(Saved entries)
(* For $\varepsilon>0$ and $d\in\mathbb R^{R\times R}$ let $\hat J_{\varepsilon,d}(\beta)=\sum_{i,j=1}^R\exp\big([-d(i,j)-\beta(i)+\beta(j)]/\varepsilon\big)$ for $\beta\in\mathbb R^R$. Then minimizers of $\hat J_{\varepsilon,d}$ exist. Moreover, let $\varepsilon_1>\varepsilon_2>0$, $d_1,d_2\in\mathbb R^{R\times R}$, let $\beta_1^\dagger,\beta_2^\dagger$ be minimizers of $\hat J_{\varepsilon_1,d_1}$ and $\hat J_{\varepsilon_2,d_2}$, $\Delta d=d_2-d_1$, $\Delta\beta=\beta_2^\dagger-\beta_1^\dagger$, and $w\in\mathbb R^{R\times R}$, $w(i,j)=\max\{-\Delta d(i,j),\Delta d(j,i)\}$. Then $$\max\Delta\beta-\min\Delta\beta\le\mathrm{maxdiam}(w)+2\varepsilon_1R\log R,$$ where $\mathrm{maxdiam}(w)=\max\big\{\sum_{i=1}^{k-1}w(j_i,j_{i+1}):k\in\{2,\dots,R\},\ j_1,\dots,j_k\in\{1,\dots,R\}\text{ pairwise distinct}\big\}$ is the length of the longest cycle-free path in $\{1,\dots,R\}$ with edge lengths $w$.
   Context: $\max\Delta\beta$ and $\min\Delta\beta$ denote the largest and smallest entries of the vector $\Delta\beta$. *)

From HB Require Import structures.
From mathcomp Require Import all_boot all_order all_algebra.
From mathcomp Require Import all_classical all_reals all_analysis.
Set Implicit Arguments. Unset Strict Implicit. Unset Printing Implicit Defensive.
Import Order.TTheory GRing.Theory Num.Theory.
Local Open Scope ring_scope.

(* Points are indexed by 'I_m (m = R in the paper). *)

Definition Jhat (R : realType) (m : nat) (eps : R) (d : 'I_m -> 'I_m -> R)
  (beta : 'I_m -> R) : R :=
  \sum_(i < m) \sum_(j < m) expR ((- d i j - beta i + beta j) / eps).

Definition is_minimizer (R : realType) (m : nat) (f : ('I_m -> R) -> R)
  (b : 'I_m -> R) : Prop := forall b' : 'I_m -> R, f b <= f b'.

Definition vmax (R : realType) (n : nat) (v : 'I_n.+1 -> R) : R :=
  \big[Num.max/v ord0]_(i < n.+1) v i.
Definition vmin (R : realType) (n : nat) (v : 'I_n.+1 -> R) : R :=
  \big[Num.min/v ord0]_(i < n.+1) v i.

Definition pathlen (R : realType) (m : nat) (w : 'I_m -> 'I_m -> R)
  (s : seq 'I_m) : R :=
  \sum_(p <- zip s (behead s)) w p.1 p.2.

(* The default 0 of the fold only matters when m <= 1
   (empty maximum); for m >= 2 the true maximum is >= 0 for the w of the
   theorem. *)
Definition maxdiam (R : realType) (m : nat) (w : 'I_m -> 'I_m -> R) : R :=
  \big[Num.max/0]_(k < m.+1 | (2 <= k)%N)
     \big[Num.max/0]_(s : k.-tuple 'I_m | uniq s) pathlen w s.

From HB Require Import structures.
From mathcomp Require Import all_boot all_order all_algebra.
From mathcomp Require Import all_classical all_reals all_analysis.
From mathcomp Require Import ring lra.
Import Order.TTheory GRing.Theory Num.Theory.
Import numFieldNormedType.Exports.
Local Open Scope ring_scope.

Set Implicit Arguments.
Unset Strict Implicit.
Unset Printing Implicit Defensive.

(* Existence: [Jhat] is continuous and unchanged when a constant is added to
   [beta]; normalising [beta ord0 = 0], its sublevel set [Jhat <= Jhat 0]
   lies in a compact box, where the extreme value theorem applies.

   Stability: perturbing a minimizer to [beta + eps ln x * 1_A] and letting
   [x] vary shows that the coupling [exp ((- d i j - beta i + beta j) / eps)]
   carries as much mass into any set [A] as out of it.  A cut has at most
   [R^2] edges, so the exponent of every edge leaving [A] exceeds the largest
   entering exponent by at most [2 eps ln R].  Comparing the two minimizers
   across the same cut (using [eps2 <= eps1]) yields an edge [i -> j] leaving
   [A] with [Db i - Db j <= w i j + 2 eps1 ln R].  Hence every vertex is reached
   from every other along such edges; a cycle-free path has fewer than [R]
   edges, and summing along it gives the bound. *)

Lemma connect_of_cuts (T : finType) (e : rel T) a b :
  (forall A : {set T}, a \in A -> b \notin A ->
     exists i j, [/\ i \in A, j \notin A & e i j]) ->
  connect e a b.
Proof.
move=> cut; apply: contraT => not_ab.
have := cut [set x | connect e a x]; rewrite !inE connect0.
move=> /(_ isT not_ab) [i [j]]; rewrite !inE => -[ai aj eij].
by rewrite (connect_trans ai (connect1 eij)) in aj.
Qed.

Lemma telescope_path_le (T : eqType) (R : realDomainType) (f : T -> R)
    (w : T -> T -> R) c a p :
  path [rel u v | f u - f v <= w u v + c] a p ->
  f a - f (last a p) <= \sum_(e <- zip (a :: p) p) w e.1 e.2 + c *+ size p.
Proof.
elim: p a => [|x p IHp] a /=; first by rewrite big_nil subrr addr0.
move=> /andP[fax /IHp]; rewrite big_cons /= mulrS; lra.
Qed.

Lemma size_uniq_le_ord m (s : seq 'I_m) : uniq s -> (size s <= m)%N.
Proof.
by move/card_uniqP <-; apply: leq_trans (max_card _) _; rewrite card_ord.
Qed.

Lemma ln_natr_ge0 (R : realType) m : 0 <= ln (m%:R : R).
Proof. by case: m => [|m]; [rewrite ln0 | apply: ln_ge0; rewrite ler1n]. Qed.

Lemma pathlen_le_maxdiam (R : realType) m (w : 'I_m -> 'I_m -> R) a p :
  uniq (a :: p) -> pathlen w (a :: p) <= maxdiam w.
Proof.
case: p => [|x p] up; first by rewrite /pathlen big_nil bigmax_ge_id.
have k_lt : (size (a :: x :: p) < m.+1)%N by rewrite ltnS size_uniq_le_ord.
apply: le_trans (le_bigmax_cond _ (j := Ordinal k_lt) _ _) => //.
exact: (le_bigmax_cond _ (j := in_tuple (a :: x :: p))).
Qed.

Lemma vmax_sub_vmin_le (R : realType) n (v : 'I_n.+1 -> R) c :
  (forall i j, v i - v j <= c) -> vmax v - vmin v <= c.
Proof.
move=> vc.
have min_ge i : v i - c <= vmin v.
  have le_vj j : v i - c <= v j by have := vc i j; lra.
  by apply: le_bigmin.
suff : vmax v <= vmin v + c by lra.
have le_vi i : v i <= vmin v + c by have := min_ge i; lra.
by apply: bigmax_le.
Qed.

Lemma eq_of_perturbation_ge0 (R : realFieldType) (a b : R) :
  0 <= a -> 0 <= b ->
  (forall x, 0 < x -> 0 <= (x - 1) * a + (x^-1 - 1) * b) -> a = b.
Proof.
move=> a_ge0 b_ge0 perturb.
have [ab0|ab_neq0] := eqVneq (a + b) 0; first lra.
have ab_gt0 : 0 < a + b by rewrite lt_def ab_neq0; lra.
have [den1_gt0 den2_gt0] : 0 < 3 * a + b /\ 0 < a + 3 * b by lra.
have := perturb ((a + 3 * b) / (3 * a + b)) (divr_gt0 den2_gt0 den1_gt0).
rewrite invf_div.
have -> : ((a + 3 * b) / (3 * a + b) - 1) * a
          + ((3 * a + b) / (a + 3 * b) - 1) * b =
    - (2 * (b - a) ^+ 2 * (a + b)) / ((3 * a + b) * (a + 3 * b)).
  by field; rewrite !gt_eqF.
rewrite mulNr oppr_ge0 pmulr_lle0 ?invr_gt0 ?mulr_gt0 // => le0.
have : (b - a) ^+ 2 == 0 by rewrite eq_le sqr_ge0 andbT; nra.
by rewrite sqrf_eq0 subr_eq0 => /eqP.
Qed.

Section Coupling.
Variables (R : realType) (m : nat) (eps : R) (d : 'I_m -> 'I_m -> R).
Hypothesis eps_gt0 : 0 < eps.

Definition coupling (b : 'I_m -> R) i j := expR ((- d i j - b i + b j) / eps).

Definition flow b (e : rel 'I_m) := \sum_i \sum_(j | e i j) coupling b i j.

Definition entering (A : {set 'I_m}) : rel 'I_m :=
  fun i j => (i \notin A) && (j \in A).

Lemma flow_ge0 b (e : rel 'I_m) : 0 <= flow b e.
Proof.
by apply: sumr_ge0 => i _; apply: sumr_ge0 => j _; exact/ltW/expR_gt0.
Qed.

Lemma coupling_le_flow b (e : rel 'I_m) i j :
  e i j -> coupling b i j <= flow b e.
Proof.
move=> eij; rewrite /flow (bigD1 i) //= (bigD1 j) //= -addrA lerDl.
rewrite addr_ge0 ?sumr_ge0 // => k _; first exact/ltW/expR_gt0.
by apply: sumr_ge0 => l _; exact/ltW/expR_gt0.
Qed.

Lemma flow_le b (e : rel 'I_m) c : 0 <= c ->
  (forall i j, e i j -> coupling b i j <= c) -> flow b e <= m%:R ^+ 2 * c.
Proof.
move=> c_ge0 le_c; apply: (@le_trans _ _ (\sum_(i < m) \sum_(j < m) c)).
  apply: ler_sum => i _; rewrite big_mkcond /=; apply: ler_sum => j _.
  by case: ifP => // /le_c.
by rewrite !sumr_const card_ord -mulrnA -[c *+ _]mulr_natl natrM expr2.
Qed.

Lemma coupling_le_Jhat b i j : coupling b i j <= Jhat eps d b.
Proof. exact: (@coupling_le_flow b (fun _ _ => true)). Qed.

Lemma Jhat_perturb b (A : {set 'I_m}) x : 0 < x ->
  Jhat eps d (fun i => b i + (i \in A)%:R * (eps * ln x)) =
  Jhat eps d b + (x - 1) * flow b (entering A)
    + (x^-1 - 1) * flow b (entering (~: A)).
Proof.
move=> x_gt0; rewrite /Jhat /flow !mulr_sumr -!big_split.
apply: eq_bigr => i _ /=.
rewrite (big_mkcond (entering A i)) (big_mkcond (entering (~: A) i)) /=.
rewrite !mulr_sumr -!big_split; apply: eq_bigr => j _ /=.
have eps_neq0 : eps != 0 by rewrite gt_eqF.
have shift (s t : R) :
    expR ((- d i j - (b i + s * (eps * ln x)) + (b j + t * (eps * ln x)))
          / eps) =
    coupling b i j * expR ((t - s) * ln x).
  by rewrite -expRD; congr expR; field.
rewrite /entering !inE shift -/(coupling b i j).
case: (i \in A); case: (j \in A) => /=;
  rewrite ?subrr ?subr0 ?sub0r ?mul0r ?mulN1r ?mul1r ?expR0 ?expRN ?lnK //;
  ring.
Qed.

Lemma minimizer_flow_balance b A : is_minimizer (Jhat eps d) b ->
  flow b (entering A) = flow b (entering (~: A)).
Proof.
move=> b_min.
apply: eq_of_perturbation_ge0 => [||x x_gt0]; rewrite ?flow_ge0 //.
have := b_min (fun i => b i + (i \in A)%:R * (eps * ln x)).
by rewrite Jhat_perturb // -addrA lerDl.
Qed.

Lemma minimizer_cut_exponent b (A : {set 'I_m}) i0 j0 :
  is_minimizer (Jhat eps d) b -> entering A i0 j0 ->
  exists p q, entering A p q /\
    forall i j, entering (~: A) i j ->
      - d i j - b i + b j <= - d p q - b p + b q + 2 * eps * ln m%:R.
Proof.
move=> b_min in0.
pose gap (e : 'I_m * 'I_m) := - d e.1 e.2 - b e.1 + b e.2.
have [[p q] /= pq_in pq_max] :=
  @arg_maxP _ _ _ (i0, j0) (fun e => entering A e.1 e.2) gap in0.
exists p, q; split => // i j ij_out.
have m_gt0 : (0 < m)%N := leq_ltn_trans (leq0n i) (ltn_ord i).
have : coupling b i j <= m%:R ^+ 2 * coupling b p q.
  apply: le_trans (@coupling_le_flow b (entering (~: A)) i j ij_out) _.
  rewrite -minimizer_flow_balance //; apply: flow_le => [|k l kl_in].
    exact/ltW/expR_gt0.
  by rewrite ler_expR ler_pM2r ?invr_gt0 //; exact: (pq_max (k, l)).
rewrite /coupling -[_ ^+ 2]lnK ?posrE ?exprn_gt0 ?ltr0n // -expRD ler_expR.
rewrite lnXn ?ltr0n // ler_pdivrMr // mulrDl divfK ?gt_eqF // -mulr_natr.
lra.
Qed.

Lemma Jhat_shift b c : Jhat eps d (fun i => b i - c) = Jhat eps d b.
Proof.
by apply: eq_bigr => i _; apply: eq_bigr => j _; congr (expR (_ / _)); ring.
Qed.

Lemma Jhat_sublevel_diff b J i j :
  Jhat eps d b <= J -> b j - b i <= eps * ln J + d i j.
Proof.
move=> bJ; have le_J := le_trans (coupling_le_Jhat b i j) bJ.
have J_gt0 : 0 < J := lt_le_trans (expR_gt0 _) le_J.
move: le_J; rewrite -[X in _ <= X -> _]lnK ?posrE // ler_expR ler_pdivrMr //.
lra.
Qed.

Lemma Jhat_continuous : continuous (fun v : 'rV[R]_m => Jhat eps d (v ord0)).
Proof.
apply: continuous_big => [|i _]; first by apply: add_continuous.
apply: continuous_big => [|j _ v]; first by apply: add_continuous.
apply: continuous_comp; last exact: continuous_expR.
apply: continuousM; last exact: cst_continuous.
apply: continuousD; last exact: coord_continuous.
apply: continuousD; first exact: cst_continuous.
by apply: continuousN; exact: coord_continuous.
Qed.

End Coupling.

Definition edge_len (R : realType) m (d1 d2 : 'I_m -> 'I_m -> R) i j :=
  Num.max (- (d2 i j - d1 i j)) (d2 j i - d1 j i).

Lemma Jhat_has_minimizer (R : realType) n (eps : R)
    (d : 'I_n.+1 -> 'I_n.+1 -> R) :
  0 < eps -> exists beta, is_minimizer (Jhat eps d) beta.
Proof.
move=> eps_gt0.
pose J0 := Jhat eps d (fun=> 0).
pose seg i := `[- (eps * ln J0 + d i ord0), eps * ln J0 + d ord0 i]%classic.
pose box := [set v : 'rV[R]_n.+1 | forall i, seg i (v ord0 i)]%classic.
have row_ord0 (f : 'I_n.+1 -> R) : (\row_i f i) ord0 = f.
  by apply/funext => i; rewrite mxE.
have sublevel_box b : b ord0 = 0 -> Jhat eps d b <= J0 -> \row_i b i \in box.
  move=> b0 bJ; apply/mem_set => i; rewrite row_ord0 /seg /= in_itv /=.
  have := Jhat_sublevel_diff eps_gt0 i ord0 bJ.
  have := Jhat_sublevel_diff eps_gt0 ord0 i bJ.
  by rewrite b0 => le_hi le_lo; apply/andP; split; lra.
have box0 : \row_i (0 : R) \in box by exact: (sublevel_box (fun=> 0)).
have box_compact : compact box.
  by apply: (@rV_compact _ _ seg) => i; exact: segment_compact.
have [c _ c_min] := EVT_min_rV (ex_intro _ _ (set_mem box0)) box_compact
  (continuous_subspaceT (@Jhat_continuous R n.+1 eps d)).
exists (c ord0) => b; rewrite -(Jhat_shift eps d b (b ord0)).
have [J_le|J_gt] := leP (Jhat eps d (fun i => b i - b ord0)) J0.
  by have := c_min _ (sublevel_box _ (subrr _) J_le); rewrite row_ord0.
by have := c_min _ box0; rewrite row_ord0 => /le_trans; apply; exact: ltW.
Qed.

Lemma cut_edge_le (R : realType) m (eps1 eps2 : R)
    (d1 d2 : 'I_m -> 'I_m -> R) (b1 b2 : 'I_m -> R) (S : {set 'I_m}) a b :
  0 < eps2 -> eps2 <= eps1 ->
  is_minimizer (Jhat eps1 d1) b1 -> is_minimizer (Jhat eps2 d2) b2 ->
  a \in S -> b \notin S ->
  exists i j, [/\ i \in S, j \notin S &
    (b2 i - b1 i) - (b2 j - b1 j) <= edge_len d1 d2 i j + 2 * eps1 * ln m%:R].
Proof.
move=> eps2_gt0 eps21 b1_min b2_min aS bS.
set slack := 2 * eps1 * ln m%:R.
have eps1_gt0 : 0 < eps1 := lt_le_trans eps2_gt0 eps21.
have ba_in : entering S b a by rewrite /entering aS bS.
have ab_out : entering (~: S) a b by rewrite /entering !inE aS bS.
have [p [q [pq_in out_le1]]] := minimizer_cut_exponent eps1_gt0 b1_min ba_in.
have [i [j [ij_out in_le2]]] := minimizer_cut_exponent eps2_gt0 b2_min ab_out.
rewrite finset.setCK in in_le2.
have := out_le1 i j ij_out; have := in_le2 p q pq_in.
move: pq_in ij_out; rewrite /entering !inE negbK => /andP[pS qS] /andP[iS jS].
have [ij_ok|ij_bad] :=
  leP ((b2 i - b1 i) - (b2 j - b1 j)) (edge_len d1 d2 i j + slack).
  by exists i, j.
have [qp_ok|qp_bad] :=
  leP ((b2 q - b1 q) - (b2 p - b1 p)) (edge_len d1 d2 q p + slack).
  by exists q, p.
have ij_len : - (d2 i j - d1 i j) <= edge_len d1 d2 i j by rewrite le_max lexx.
have qp_len : d2 p q - d1 p q <= edge_len d1 d2 q p.
  by rewrite le_max lexx orbT.
have : 0 <= (eps1 - eps2) * ln m%:R by rewrite mulr_ge0 ?subr_ge0 ?ln_natr_ge0.
move: ij_bad qp_bad; rewrite /slack; lra.
Qed.

Lemma minimizers_diff_le (R : realType) m (eps1 eps2 : R)
    (d1 d2 : 'I_m -> 'I_m -> R) (b1 b2 : 'I_m -> R) a b :
  0 < eps2 -> eps2 <= eps1 ->
  is_minimizer (Jhat eps1 d1) b1 -> is_minimizer (Jhat eps2 d2) b2 ->
  (b2 a - b1 a) - (b2 b - b1 b) <=
    maxdiam (edge_len d1 d2) + 2 * eps1 * m%:R * ln m%:R.
Proof.
move=> eps2_gt0 eps21 b1_min b2_min.
set c := 2 * eps1 * ln m%:R.
pose Db i := b2 i - b1 i.
have /connectP[p e_p ->] :
    connect [rel u v | Db u - Db v <= edge_len d1 d2 u v + c] a b.
  apply: connect_of_cuts => S aS bS.
  exact: (cut_edge_le eps2_gt0 eps21 b1_min b2_min aS bS).
case/shortenP: e_p => p' e_p' uniq_p' _.
have := telescope_path_le e_p'.
have := pathlen_le_maxdiam (edge_len d1 d2) uniq_p'.
have c_ge0 : 0 <= c.
  by rewrite !mulr_ge0 ?ln_natr_ge0 // (le_trans (ltW eps2_gt0) eps21).
have : c *+ size p' <= c *+ m.
  exact: ler_wpMn2l c_ge0 _ _ (ltnW (size_uniq_le_ord uniq_p')).
have : 2 * eps1 * m%:R * ln m%:R = c *+ m by rewrite -mulr_natr /c; ring.
rewrite /pathlen /Db /=; lra.
Qed.

(* R (number of points in the paper) is n.+1 here *)
Theorem mainTheorem9 (R : realType) (n : nat) :
  (forall (eps : R) (d : 'I_n.+1 -> 'I_n.+1 -> R), 0 < eps ->
     exists beta : 'I_n.+1 -> R, is_minimizer (Jhat eps d) beta) /\
  (forall (eps1 eps2 : R) (d1 d2 : 'I_n.+1 -> 'I_n.+1 -> R)
          (beta1 beta2 : 'I_n.+1 -> R),
     0 < eps2 -> eps2 < eps1 ->
     is_minimizer (Jhat eps1 d1) beta1 ->
     is_minimizer (Jhat eps2 d2) beta2 ->
     let Dd := fun i j => d2 i j - d1 i j in
     let Db := fun i => beta2 i - beta1 i in
     let w := fun i j => Num.max (- Dd i j) (Dd j i) in
     vmax Db - vmin Db <=
       maxdiam w + 2 * eps1 * (n.+1)%:R * ln ((n.+1)%:R : R)).
Proof.
split=> [eps d | eps1 eps2 d1 d2 beta1 beta2 eps2_gt0 eps21 b1_min b2_min /=].
  exact: Jhat_has_minimizer.
apply: vmax_sub_vmin_le => i j.
exact: minimizers_diff_le eps2_gt0 (ltW eps21) b1_min b2_min.
Qed.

*Brief*.
Look above for the line holding "exists (c ord0)", then set down exactly that line and every line after it up to and including the line holding "move=> eps2_gt0 eps21 b1_min b2_min.", with nothing else.

*Output of the task*.
exists (c ord0) => b; rewrite -(Jhat_shift eps d b (b ord0)).
have [J_le|J_gt] := leP (Jhat eps d (fun i => b i - b ord0)) J0.
  by have := c_min _ (sublevel_box _ (subrr _) J_le); rewrite row_ord0.
by have := c_min _ box0; rewrite row_ord0 => /le_trans; apply; exact: ltW.
Qed.

Lemma cut_edge_le (R : realType) m (eps1 eps2 : R)
    (d1 d2 : 'I_m -> 'I_m -> R) (b1 b2 : 'I_m -> R) (S : {set 'I_m}) a b :
  0 < eps2 -> eps2 <= eps1 ->
  is_minimizer (Jhat eps1 d1) b1 -> is_minimizer (Jhat eps2 d2) b2 ->
  a \in S -> b \notin S ->
  exists i j, [/\ i \in S, j \notin S &
    (b2 i - b1 i) - (b2 j - b1 j) <= edge_len d1 d2 i j + 2 * eps1 * ln m%:R].
Proof.
move=> eps2_gt0 eps21 b1_min b2_min aS bS.
set slack := 2 * eps1 * ln m%:R.
have eps1_gt0 : 0 < eps1 := lt_le_trans eps2_gt0 eps21.
have ba_in : entering S b a by rewrite /entering aS bS.
have ab_out : entering (~: S) a b by rewrite /entering !inE aS bS.
have [p [q [pq_in out_le1]]] := minimizer_cut_exponent eps1_gt0 b1_min ba_in.
have [i [j [ij_out in_le2]]] := minimizer_cut_exponent eps2_gt0 b2_min ab_out.
rewrite finset.setCK in in_le2.
have := out_le1 i j ij_out; have := in_le2 p q pq_in.
move: pq_in ij_out; rewrite /entering !inE negbK => /andP[pS qS] /andP[iS jS].
have [ij_ok|ij_bad] :=
  leP ((b2 i - b1 i) - (b2 j - b1 j)) (edge_len d1 d2 i j + slack).
  by exists i, j.
have [qp_ok|qp_bad] :=
  leP ((b2 q - b1 q) - (b2 p - b1 p)) (edge_len d1 d2 q p + slack).
  by exists q, p.
have ij_len : - (d2 i j - d1 i j) <= edge_len d1 d2 i j by rewrite le_max lexx.
have qp_len : d2 p q - d1 p q <= edge_len d1 d2 q p.
  by rewrite le_max lexx orbT.
have : 0 <= (eps1 - eps2) * ln m%:R by rewrite mulr_ge0 ?subr_ge0 ?ln_natr_ge0.
move: ij_bad qp_bad; rewrite /slack; lra.
Qed.

Lemma minimizers_diff_le (R : realType) m (eps1 eps2 : R)
    (d1 d2 : 'I_m -> 'I_m -> R) (b1 b2 : 'I_m -> R) a b :
  0 < eps2 -> eps2 <= eps1 ->
  is_minimizer (Jhat eps1 d1) b1 -> is_minimizer (Jhat eps2 d2) b2 ->
  (b2 a - b1 a) - (b2 b - b1 b) <=
    maxdiam (edge_len d1 d2) + 2 * eps1 * m%:R * ln m%:R.
Proof.
move=> eps2_gt0 eps21 b1_min b2_min.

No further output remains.